Oh and having travelled a lot in Africa, I care about the state of that continent and am fascinated by its people (though I don’t think, pace Bob Geldof and Bono, that the solution lies in bombarding them with aid). And I get on well with black people, yellow people, hispanics and Jews. Even Germans and French, sometimes. I don’t think I’m racist. Well, certainly no more than the next human being. And I have so many gay friends, it has been suggested that I might be a closeted gay myself. Or at least that I’m in denial. Heavily in denial presumably, given that I’m happily married with a wife and three kids.
Anyway, look, fuck it – oh yeah, swearing, that’s another thing I do, which I have to be much more careful about in the US where I know casual swearing is much less prevalent among educated people – I’ve told you quite enough to be going on with. Really, all I wanted to do here apart from offer you a gentle introduction to the kind of thing I do, is come back to that point I was trying to make at the beginning about the fact that being right wing is not the same thing as being a Nazi. Or a fascist. Or any of those other nasty slurs that left-wingers like the Balls man and Michael Moore and Noam Chomsky and the rest like to use against us in order to wriggle out of the need to engage us in honest debate.
And if you want an even more detailed explanation of why right wingers, no matter how extreme, are neither fascists nor Nazis, read Jonah Goldberg’s excellent Liberal Fascism.

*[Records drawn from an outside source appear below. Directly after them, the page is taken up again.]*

(* min{eta, e^{b - n_j}} with n_j the left endpoint of J_j(V_m) *)
Definition Dbound (eta : R) (aa : nat -> R) (k : nat -> nat) (j : nat) : R :=
  if k j == 0%N then eta else Rmin eta (exp (- (INR (k j - 1) * aa j))).

Definition in_D (r s : nat) (B' eta : R) (aa : nat -> R) (k : nat -> nat) (g : Gelt) : Prop :=
  exists t, real_par r t /\
    (forall j, (j < r + s)%N -> Cnorm (t j) < B' * Dbound eta aa k j) /\ Geq r s g (uplus t).

Definition in_E (r s : nat) (B'' eta : R) (aa : nat -> R) (l : nat) (g : Gelt) : Prop :=
  exists t, real_par r t /\
    (forall j, (j < r + s)%N -> Cnorm (t j) < B'' * eta * exp (- (INR l * aa j))) /\
    Geq r s g (uplus t).

Definition hmax (r s : nat) (aa : nat -> R) : R :=
  sumR (r + s) (fun j => INR (delta r j) * Rabs (aa j)).

From Pilot Require Import Defs.
From Stdlib Require Import Reals Lra Lia Classical ZArith.
From HB Require Import structures.
From mathcomp Require Import all_boot all_order all_algebra all_field.
From mathcomp Require Import zify.

Local Open Scope R_scope.

(* Both D and E are boxes in the coordinates t_j of U^+ = R^r x C^s, so a
   cover of D by translates u^+(t0) E is a product of one-dimensional
   covers: an interval (resp. a disc) of radius R_j is covered by at most
   (4 R_j / rho_j + 1)^delta_j intervals (resp. discs) of radius rho_j.
   The content of the lemma is the bound C e^(h_max l / 2) on the product
   of these counts, which comes from the dynamics.  The vector v
   witnessing Q(J(V_m)) has ||v|| > 1/M, because b - 1 is not in V, and
   ||v a^(l+1)|| <= 1/M; moreover a^n scales |v_j'| by e^(n a_j / 2) and
   |v_j''| by e^(-n a_j / 2).  The position of log(|v_j''| / |v_j'|) in
   the interval J_j(V_m) then gives, coordinate by coordinate,
     (4 R_j / rho_j + 1) |v_j| <= C_j e^(l a_j / 2) |(v a^(l+1))_j|,
   and multiplying over j yields
     count * ||v|| <= C e^(h_max l / 2) ||v a^(l+1)|| <= C e^(h_max l / 2) ||v||. *)

Lemma prodR_ext n f g :
  (forall j, (j < n)%N -> f j = g j) -> prodR n f = prodR n g.
Proof.
elim: n => [|n IH] fg //=.
by rewrite IH ?fg // => j hj; apply: fg; lia.
Qed.

Lemma sumR_ext n f g :
  (forall j, (j < n)%N -> f j = g j) -> sumR n f = sumR n g.
Proof.
elim: n => [|n IH] fg //=.
by rewrite IH ?fg // => j hj; apply: fg; lia.
Qed.

Lemma prodR_mul n f g : prodR n (fun j => f j * g j) = prodR n f * prodR n g.
Proof. by elim: n => [|n IH] /=; [ring | rewrite IH; ring]. Qed.

Lemma sumR_mulr n f c : sumR n f * c = sumR n (fun j => f j * c).
Proof. by elim: n => [|n IH] /=; [ring | rewrite -IH; ring]. Qed.

Lemma prodR_gt0 n f : (forall j, (j < n)%N -> 0 < f j) -> 0 < prodR n f.
Proof.
elim: n => [|n IH] f_gt0 /=; first lra.
by apply: Rmult_lt_0_compat; [apply: IH => j hj | ]; apply: f_gt0; lia.
Qed.

Lemma prodR_ge0 n f : (forall j, (j < n)%N -> 0 <= f j) -> 0 <= prodR n f.
Proof.
elim: n => [|n IH] f_ge0 /=; first lra.
by apply: Rmult_le_pos; [apply: IH => j hj | ]; apply: f_ge0; lia.
Qed.

Lemma prodR_le n f g :
  (forall j, (j < n)%N -> 0 <= f j <= g j) -> prodR n f <= prodR n g.
Proof.
elim: n => [|n IH] fg /=; first lra.
have f_ge0 : 0 <= prodR n f.
  by apply: prodR_ge0 => j hj; have [] : 0 <= f j <= g j by apply: fg; lia.
have IHn : prodR n f <= prodR n g by apply: IH => j hj; apply: fg; lia.
by have fg_n := fg n (ltnSn n); apply: Rmult_le_compat; lra.
Qed.

Lemma prodR_exp n f : prodR n (fun j => exp (f j)) = exp (sumR n f).
Proof. by elim: n => [|n IH] /=; [rewrite exp_0 | rewrite IH exp_plus]. Qed.

Lemma exp_le {x y : R} : x <= y -> exp x <= exp y.
Proof. by case=> [/exp_increasing|->]; lra. Qed.

Lemma exp_ge1 {x : R} : 0 <= x -> 1 <= exp x.
Proof. by rewrite -exp_0; apply: exp_le. Qed.

Lemma exp_pow x m : exp x ^ m = exp (INR m * x).
Proof.
elim: m => [|m IH]; first by rewrite /= Rmult_0_l exp_0.
by rewrite -tech_pow_Rmult IH S_INR -exp_plus; f_equal; ring.
Qed.

Lemma INR_predn k : (0 < k)%N -> INR (k - 1) = INR k - 1.
Proof. by case: k => // k _; rewrite subSS subn0 S_INR; ring. Qed.

Lemma Cnorm_ge0 z : 0 <= Cnorm z.
Proof. exact: sqrt_pos. Qed.

Lemma Cnorm_mul z w : Cnorm (Cmul z w) = Cnorm z * Cnorm w.
Proof.
case: z w => a b [c d]; rewrite /Cnorm /Cmul /= -sqrt_mult; try nra.
by f_equal; ring.
Qed.

Lemma Cnorm_sq a b e : 0 <= e -> a ^ 2 + b ^ 2 = e ^ 2 -> Cnorm (mkCx a b) = e.
Proof. by move=> e_ge0 abe; rewrite /Cnorm /= abe sqrt_pow2. Qed.

Lemma Cnorm_polar t e : 0 <= e -> Cnorm (mkCx (cos t * e) (sin t * e)) = e.
Proof. by move=> e_ge0; apply: Cnorm_sq => //; have := sin2_cos2 t; rewrite /Rsqr; nra. Qed.

Lemma Cnorm_polar_conj t e : 0 <= e -> Cnorm (mkCx (cos t * e) (- sin t * e)) = e.
Proof. by move=> e_ge0; apply: Cnorm_sq => //; have := sin2_cos2 t; rewrite /Rsqr; nra. Qed.

Lemma Cnorm_re_le z : Rabs (cre z) <= Cnorm z.
Proof.
rewrite /Cnorm -(sqrt_pow2 (Rabs (cre z))); last exact: Rabs_pos.
by apply: sqrt_le_1_alt; rewrite -Rsqr_pow2 -Rsqr_abs Rsqr_pow2; nra.
Qed.

Lemma Cnorm_im_le z : Rabs (cim z) <= Cnorm z.
Proof.
rewrite /Cnorm -(sqrt_pow2 (Rabs (cim z))); last exact: Rabs_pos.
by apply: sqrt_le_1_alt; rewrite -Rsqr_pow2 -Rsqr_abs Rsqr_pow2; nra.
Qed.

Lemma Cnorm_lt a b e : 0 < e -> a ^ 2 + b ^ 2 < e ^ 2 -> Cnorm (mkCx a b) < e.
Proof.
move=> e_gt0 abe; rewrite /Cnorm /= -(sqrt_pow2 e); last lra.
by apply: sqrt_lt_1_alt; nra.
Qed.

Lemma vec_act_adiag aa th j x y :
  vec_act (x, y) (adiag aa th j) =
  (Cmul x (mkCx (cos (th j) * exp (aa j / 2)) (sin (th j) * exp (aa j / 2))),
   Cmul y (mkCx (cos (th j) * exp (- aa j / 2)) (- sin (th j) * exp (- aa j / 2)))).
Proof.
by case: x y => [? ?] [? ?]; rewrite /vec_act /Cadd /Cmul /C0 /=; f_equal; f_equal; ring.
Qed.

Lemma vapow_norm aa th n v j :
  Cnorm (vapow aa th n v j).1 = Cnorm (v j).1 * exp (INR n * aa j / 2) /\
  Cnorm (vapow aa th n v j).2 = Cnorm (v j).2 * exp (- (INR n * aa j) / 2).
Proof.
elim: n => [|n [IH1 IH2]].
  by rewrite /= !Rmult_0_l Ropp_0 /Rdiv Rmult_0_l exp_0 !Rmult_1_r.
have -> : vapow aa th n.+1 v j = vec_act (vapow aa th n v j) (adiag aa th j) by [].
rewrite S_INR; case: (vapow aa th n v j) IH1 IH2 => [x y] IH1 IH2.
rewrite vec_act_adiag /= !Cnorm_mul {}IH1 {}IH2.
rewrite Cnorm_polar ?Cnorm_polar_conj; try exact: Rlt_le (exp_pos _).
by rewrite !Rmult_assoc -!exp_plus; split; do 2 f_equal; field.
Qed.

Lemma nat_floor z n : 0 <= z -> z < INR n ->
  exists i, (i < n)%N /\ INR i <= z < INR i + 1.
Proof.
elim: n => [|n IH] z_ge0 z_lt; first by rewrite /= in z_lt; lra.
case: (Rlt_le_dec z (INR n)) => [/(IH z_ge0) [i [i_lt iz]]|nz].
  by exists i; split => //; lia.
by exists n; split => //; rewrite S_INR in z_lt; lra.
Qed.

Lemma nat_ceil y : 0 <= y -> exists n : nat, y < INR n /\ INR n <= y + 1.
Proof.
move=> y_ge0; have [up_gt up_le] := archimed y.
have up_ge0 : Z.le 0 (up y) by apply: le_IZR; lra.
by exists (Z.to_nat (up y)); rewrite INR_IZR_INZ Z2Nat.id //; lra.
Qed.

Lemma interval_cover rad h : 0 < h -> 0 <= rad -> exists n : nat,
  INR n <= 2 * rad / h + 1 /\ forall x, -rad < x < rad ->
  exists i, (i < n)%N /\ -rad + INR i * h <= x < -rad + INR i * h + h.
Proof.
move=> h_gt0 rad_ge0.
have [n [n_gt n_le]] : exists n : nat, 2 * rad / h < INR n /\ INR n <= 2 * rad / h + 1.
  by apply: nat_ceil; apply: Rle_mult_inv_pos; lra.
exists n; split => // x x_in.
have [i [i_lt i_x]] : exists i, (i < n)%N /\ INR i <= (x + rad) / h < INR i + 1.
  apply: nat_floor; first by apply: Rle_mult_inv_pos; lra.
  by apply: Rle_lt_trans n_gt; apply: Rmult_le_compat_r; [apply: Rlt_le; apply: Rinv_0_lt_compat|]; lra.
exists i; split => //.
have x_rad : (x + rad) / h * h = x + rad by field; lra.
by split; nra.
Qed.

The Nazis were a movement of the left – National Socialists – not the right, and the only reason that today we imagine otherwise is because of a very successful propaganda campaign begun by Joseph Stalin, and continued by his fellow travellers and useful idiots ever since.
Me, I’m a nice guy. I love my family, love nature, like peace and love, and never drown kittens unless it’s strictly necessary. But you know what? Just recently, what with Obamaland and all, I’ve had this wonderful, liberating sense that I no longer need to apologise to my antagonists on the green-tinged liberal-left for who I am and the things for which I stand. There are people, I’ve realised just recently, whom I’m never going to convert through force of argument, no matter how eloquent my delivery nor how indisputable my evidence.
So to all my friends and would-be friends I say: welcome!